§ THE PROBLEM
Search the records below for "Import"; copy each line that has it.

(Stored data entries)
━━━━━━

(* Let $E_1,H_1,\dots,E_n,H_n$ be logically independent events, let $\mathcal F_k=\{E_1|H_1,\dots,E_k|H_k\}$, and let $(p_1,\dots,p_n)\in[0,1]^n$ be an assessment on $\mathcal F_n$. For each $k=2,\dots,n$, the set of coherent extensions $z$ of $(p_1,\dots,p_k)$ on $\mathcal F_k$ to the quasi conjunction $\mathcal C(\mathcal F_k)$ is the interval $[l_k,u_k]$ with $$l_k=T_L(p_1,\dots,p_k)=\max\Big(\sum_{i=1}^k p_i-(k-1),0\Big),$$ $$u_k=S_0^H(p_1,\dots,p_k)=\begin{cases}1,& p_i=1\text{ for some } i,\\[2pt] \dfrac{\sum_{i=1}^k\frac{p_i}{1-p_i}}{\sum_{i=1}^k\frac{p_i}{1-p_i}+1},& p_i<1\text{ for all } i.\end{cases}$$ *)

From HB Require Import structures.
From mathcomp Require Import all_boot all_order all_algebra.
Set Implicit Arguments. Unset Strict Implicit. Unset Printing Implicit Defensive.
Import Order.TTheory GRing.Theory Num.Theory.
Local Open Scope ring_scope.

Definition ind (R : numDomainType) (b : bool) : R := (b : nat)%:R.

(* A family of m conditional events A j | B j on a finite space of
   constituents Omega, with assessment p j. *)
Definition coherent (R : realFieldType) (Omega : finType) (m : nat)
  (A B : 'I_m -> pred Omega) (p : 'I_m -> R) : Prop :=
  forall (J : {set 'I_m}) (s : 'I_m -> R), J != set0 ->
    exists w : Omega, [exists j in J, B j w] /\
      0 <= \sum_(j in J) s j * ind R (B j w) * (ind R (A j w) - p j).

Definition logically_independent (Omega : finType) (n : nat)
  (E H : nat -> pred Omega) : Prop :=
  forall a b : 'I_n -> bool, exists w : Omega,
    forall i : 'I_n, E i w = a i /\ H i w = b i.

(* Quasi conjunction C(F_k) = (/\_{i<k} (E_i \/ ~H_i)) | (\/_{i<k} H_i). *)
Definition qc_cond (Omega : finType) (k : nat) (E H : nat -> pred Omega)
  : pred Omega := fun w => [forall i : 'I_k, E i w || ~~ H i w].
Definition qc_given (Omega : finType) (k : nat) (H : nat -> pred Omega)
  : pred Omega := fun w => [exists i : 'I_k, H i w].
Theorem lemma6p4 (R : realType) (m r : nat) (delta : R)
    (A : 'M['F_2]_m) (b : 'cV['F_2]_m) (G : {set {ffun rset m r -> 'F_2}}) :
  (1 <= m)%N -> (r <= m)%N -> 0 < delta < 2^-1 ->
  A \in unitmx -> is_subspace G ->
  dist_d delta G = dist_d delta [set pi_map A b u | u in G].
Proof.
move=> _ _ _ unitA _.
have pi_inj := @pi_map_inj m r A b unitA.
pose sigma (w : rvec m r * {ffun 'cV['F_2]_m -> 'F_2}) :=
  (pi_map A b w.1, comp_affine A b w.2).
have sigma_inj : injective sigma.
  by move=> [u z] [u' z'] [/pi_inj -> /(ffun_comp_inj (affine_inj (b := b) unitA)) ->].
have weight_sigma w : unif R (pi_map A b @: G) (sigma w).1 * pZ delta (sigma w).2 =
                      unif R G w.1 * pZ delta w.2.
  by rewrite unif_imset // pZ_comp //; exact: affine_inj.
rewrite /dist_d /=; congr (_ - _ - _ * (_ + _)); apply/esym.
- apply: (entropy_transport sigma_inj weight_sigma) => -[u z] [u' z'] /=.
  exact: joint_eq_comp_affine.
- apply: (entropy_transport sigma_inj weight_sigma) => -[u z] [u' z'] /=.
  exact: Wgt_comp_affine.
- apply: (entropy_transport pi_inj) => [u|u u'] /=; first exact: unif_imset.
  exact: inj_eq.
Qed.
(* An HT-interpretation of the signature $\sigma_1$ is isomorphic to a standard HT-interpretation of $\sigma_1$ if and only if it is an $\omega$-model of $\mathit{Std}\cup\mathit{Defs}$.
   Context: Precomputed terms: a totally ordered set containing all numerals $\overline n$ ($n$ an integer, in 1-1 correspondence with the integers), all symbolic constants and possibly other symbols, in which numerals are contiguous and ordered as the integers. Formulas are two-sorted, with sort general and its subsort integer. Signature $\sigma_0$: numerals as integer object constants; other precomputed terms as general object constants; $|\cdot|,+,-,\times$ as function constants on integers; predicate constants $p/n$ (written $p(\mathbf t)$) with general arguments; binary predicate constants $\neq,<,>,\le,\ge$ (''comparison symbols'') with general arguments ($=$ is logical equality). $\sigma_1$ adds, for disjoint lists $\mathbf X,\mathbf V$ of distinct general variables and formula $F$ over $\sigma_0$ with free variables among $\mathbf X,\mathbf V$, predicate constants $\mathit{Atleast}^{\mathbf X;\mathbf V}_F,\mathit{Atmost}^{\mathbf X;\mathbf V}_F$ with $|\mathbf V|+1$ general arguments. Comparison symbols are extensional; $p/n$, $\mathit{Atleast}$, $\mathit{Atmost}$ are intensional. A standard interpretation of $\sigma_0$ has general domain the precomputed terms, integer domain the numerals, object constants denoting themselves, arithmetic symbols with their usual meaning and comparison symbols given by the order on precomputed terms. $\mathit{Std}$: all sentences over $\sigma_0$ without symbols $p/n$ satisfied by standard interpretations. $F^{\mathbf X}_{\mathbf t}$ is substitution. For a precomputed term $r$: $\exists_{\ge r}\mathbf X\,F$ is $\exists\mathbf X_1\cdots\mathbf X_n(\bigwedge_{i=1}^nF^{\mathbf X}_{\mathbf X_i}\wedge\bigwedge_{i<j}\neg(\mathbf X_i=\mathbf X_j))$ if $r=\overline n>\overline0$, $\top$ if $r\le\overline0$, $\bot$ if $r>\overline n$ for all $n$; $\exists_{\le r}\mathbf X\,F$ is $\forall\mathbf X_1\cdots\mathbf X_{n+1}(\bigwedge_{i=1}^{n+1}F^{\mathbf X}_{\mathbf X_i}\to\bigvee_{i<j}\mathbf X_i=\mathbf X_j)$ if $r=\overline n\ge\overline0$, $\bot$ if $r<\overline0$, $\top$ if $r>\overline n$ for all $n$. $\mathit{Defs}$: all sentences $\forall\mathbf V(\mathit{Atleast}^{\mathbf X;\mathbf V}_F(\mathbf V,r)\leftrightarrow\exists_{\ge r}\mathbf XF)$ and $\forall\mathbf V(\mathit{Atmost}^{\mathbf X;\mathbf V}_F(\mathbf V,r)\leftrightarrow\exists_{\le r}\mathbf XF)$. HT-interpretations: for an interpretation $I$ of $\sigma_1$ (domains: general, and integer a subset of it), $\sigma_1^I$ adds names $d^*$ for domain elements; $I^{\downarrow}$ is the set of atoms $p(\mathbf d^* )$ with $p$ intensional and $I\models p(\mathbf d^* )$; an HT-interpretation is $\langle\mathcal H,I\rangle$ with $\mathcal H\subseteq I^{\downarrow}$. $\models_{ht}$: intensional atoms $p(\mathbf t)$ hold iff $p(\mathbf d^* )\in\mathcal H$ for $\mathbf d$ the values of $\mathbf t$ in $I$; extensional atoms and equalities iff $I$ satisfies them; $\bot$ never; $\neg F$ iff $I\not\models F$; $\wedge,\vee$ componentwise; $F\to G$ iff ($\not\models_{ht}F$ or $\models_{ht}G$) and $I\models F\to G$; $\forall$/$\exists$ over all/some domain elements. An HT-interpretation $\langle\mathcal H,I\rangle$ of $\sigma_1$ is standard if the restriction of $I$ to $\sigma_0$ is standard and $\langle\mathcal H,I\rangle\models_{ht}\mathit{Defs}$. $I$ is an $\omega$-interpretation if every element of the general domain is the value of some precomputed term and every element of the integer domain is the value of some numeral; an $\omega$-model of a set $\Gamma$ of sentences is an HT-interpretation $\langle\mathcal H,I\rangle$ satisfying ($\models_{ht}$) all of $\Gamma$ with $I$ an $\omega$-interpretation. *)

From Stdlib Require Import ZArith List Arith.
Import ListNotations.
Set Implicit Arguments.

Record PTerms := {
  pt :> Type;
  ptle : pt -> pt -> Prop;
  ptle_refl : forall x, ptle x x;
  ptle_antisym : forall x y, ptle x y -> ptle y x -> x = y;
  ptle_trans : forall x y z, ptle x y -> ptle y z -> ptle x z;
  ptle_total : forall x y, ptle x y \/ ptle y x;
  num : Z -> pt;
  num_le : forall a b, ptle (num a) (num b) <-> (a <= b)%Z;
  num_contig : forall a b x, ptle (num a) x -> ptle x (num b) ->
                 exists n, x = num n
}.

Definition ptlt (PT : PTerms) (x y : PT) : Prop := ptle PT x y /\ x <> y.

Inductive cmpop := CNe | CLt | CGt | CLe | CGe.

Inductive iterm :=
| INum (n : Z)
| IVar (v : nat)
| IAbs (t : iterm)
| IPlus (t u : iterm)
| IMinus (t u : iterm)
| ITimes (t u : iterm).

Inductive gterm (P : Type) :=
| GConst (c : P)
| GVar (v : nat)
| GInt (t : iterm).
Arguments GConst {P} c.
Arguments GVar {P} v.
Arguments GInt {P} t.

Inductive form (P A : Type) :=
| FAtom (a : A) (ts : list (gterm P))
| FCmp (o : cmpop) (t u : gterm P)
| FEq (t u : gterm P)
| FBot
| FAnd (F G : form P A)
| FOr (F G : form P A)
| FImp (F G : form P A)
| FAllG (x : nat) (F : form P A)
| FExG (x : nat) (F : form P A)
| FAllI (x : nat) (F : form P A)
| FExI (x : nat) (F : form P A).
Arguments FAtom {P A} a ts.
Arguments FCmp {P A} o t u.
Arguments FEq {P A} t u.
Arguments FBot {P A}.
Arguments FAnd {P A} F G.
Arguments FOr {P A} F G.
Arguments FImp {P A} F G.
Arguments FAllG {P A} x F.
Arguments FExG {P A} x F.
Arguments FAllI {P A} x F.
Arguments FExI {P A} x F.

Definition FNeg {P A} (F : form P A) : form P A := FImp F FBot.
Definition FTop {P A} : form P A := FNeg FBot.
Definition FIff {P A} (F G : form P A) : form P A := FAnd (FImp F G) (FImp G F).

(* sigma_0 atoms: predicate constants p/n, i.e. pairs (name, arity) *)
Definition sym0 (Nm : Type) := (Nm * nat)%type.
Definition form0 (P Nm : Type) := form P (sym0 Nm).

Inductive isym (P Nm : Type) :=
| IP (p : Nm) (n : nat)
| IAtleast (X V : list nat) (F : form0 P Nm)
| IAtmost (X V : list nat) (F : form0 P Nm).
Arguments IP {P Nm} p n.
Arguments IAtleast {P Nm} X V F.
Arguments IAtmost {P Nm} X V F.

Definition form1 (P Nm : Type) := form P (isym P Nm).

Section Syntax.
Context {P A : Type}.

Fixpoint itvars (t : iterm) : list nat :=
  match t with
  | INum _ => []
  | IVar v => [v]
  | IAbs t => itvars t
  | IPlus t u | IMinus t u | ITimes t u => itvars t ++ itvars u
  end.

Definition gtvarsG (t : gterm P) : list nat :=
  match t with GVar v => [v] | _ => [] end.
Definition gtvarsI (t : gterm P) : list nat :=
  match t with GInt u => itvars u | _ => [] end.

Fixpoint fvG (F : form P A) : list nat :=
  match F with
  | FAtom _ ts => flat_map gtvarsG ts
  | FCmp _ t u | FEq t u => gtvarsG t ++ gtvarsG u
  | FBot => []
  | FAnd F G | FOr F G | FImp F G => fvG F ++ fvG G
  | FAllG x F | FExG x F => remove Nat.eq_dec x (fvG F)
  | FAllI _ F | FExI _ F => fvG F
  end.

━━━━━━

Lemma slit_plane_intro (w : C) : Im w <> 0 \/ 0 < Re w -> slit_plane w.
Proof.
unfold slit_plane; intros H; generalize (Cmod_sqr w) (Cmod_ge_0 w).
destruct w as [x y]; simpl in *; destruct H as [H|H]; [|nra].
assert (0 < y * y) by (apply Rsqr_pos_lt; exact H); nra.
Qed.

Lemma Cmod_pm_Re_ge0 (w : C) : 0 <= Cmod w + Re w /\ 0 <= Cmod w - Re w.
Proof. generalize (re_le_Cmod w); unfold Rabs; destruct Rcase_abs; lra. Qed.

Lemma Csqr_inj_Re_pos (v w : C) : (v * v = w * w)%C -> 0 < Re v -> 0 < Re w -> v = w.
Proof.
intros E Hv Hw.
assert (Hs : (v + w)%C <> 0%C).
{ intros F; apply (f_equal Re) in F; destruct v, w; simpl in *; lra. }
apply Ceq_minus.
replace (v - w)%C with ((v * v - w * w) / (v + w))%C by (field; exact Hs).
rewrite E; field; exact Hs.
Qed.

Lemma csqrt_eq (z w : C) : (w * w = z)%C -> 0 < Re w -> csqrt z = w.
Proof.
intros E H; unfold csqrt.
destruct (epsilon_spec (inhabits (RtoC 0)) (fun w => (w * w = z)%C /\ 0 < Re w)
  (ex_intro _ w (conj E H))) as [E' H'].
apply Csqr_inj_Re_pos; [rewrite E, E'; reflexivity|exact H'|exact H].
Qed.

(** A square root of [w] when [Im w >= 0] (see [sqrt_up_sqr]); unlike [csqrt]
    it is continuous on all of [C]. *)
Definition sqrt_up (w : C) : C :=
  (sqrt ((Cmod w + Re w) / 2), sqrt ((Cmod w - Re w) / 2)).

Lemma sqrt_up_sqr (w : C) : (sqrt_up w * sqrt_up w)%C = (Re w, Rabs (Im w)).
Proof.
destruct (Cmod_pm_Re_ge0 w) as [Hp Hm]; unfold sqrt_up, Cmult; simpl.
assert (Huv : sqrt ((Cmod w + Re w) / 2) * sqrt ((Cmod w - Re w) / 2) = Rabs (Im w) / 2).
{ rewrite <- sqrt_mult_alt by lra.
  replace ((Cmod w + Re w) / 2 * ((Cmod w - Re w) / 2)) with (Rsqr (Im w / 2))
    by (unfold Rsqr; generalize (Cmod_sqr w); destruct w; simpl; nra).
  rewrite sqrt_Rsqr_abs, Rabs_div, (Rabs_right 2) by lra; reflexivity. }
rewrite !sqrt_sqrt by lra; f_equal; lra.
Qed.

━━━━━━

§ SOLVED EXERCISE
From HB Require Import structures.
From mathcomp Require Import all_boot all_order all_algebra.
Import Order.TTheory GRing.Theory Num.Theory.
From Stdlib Require Import ZArith List Arith.
Import ListNotations.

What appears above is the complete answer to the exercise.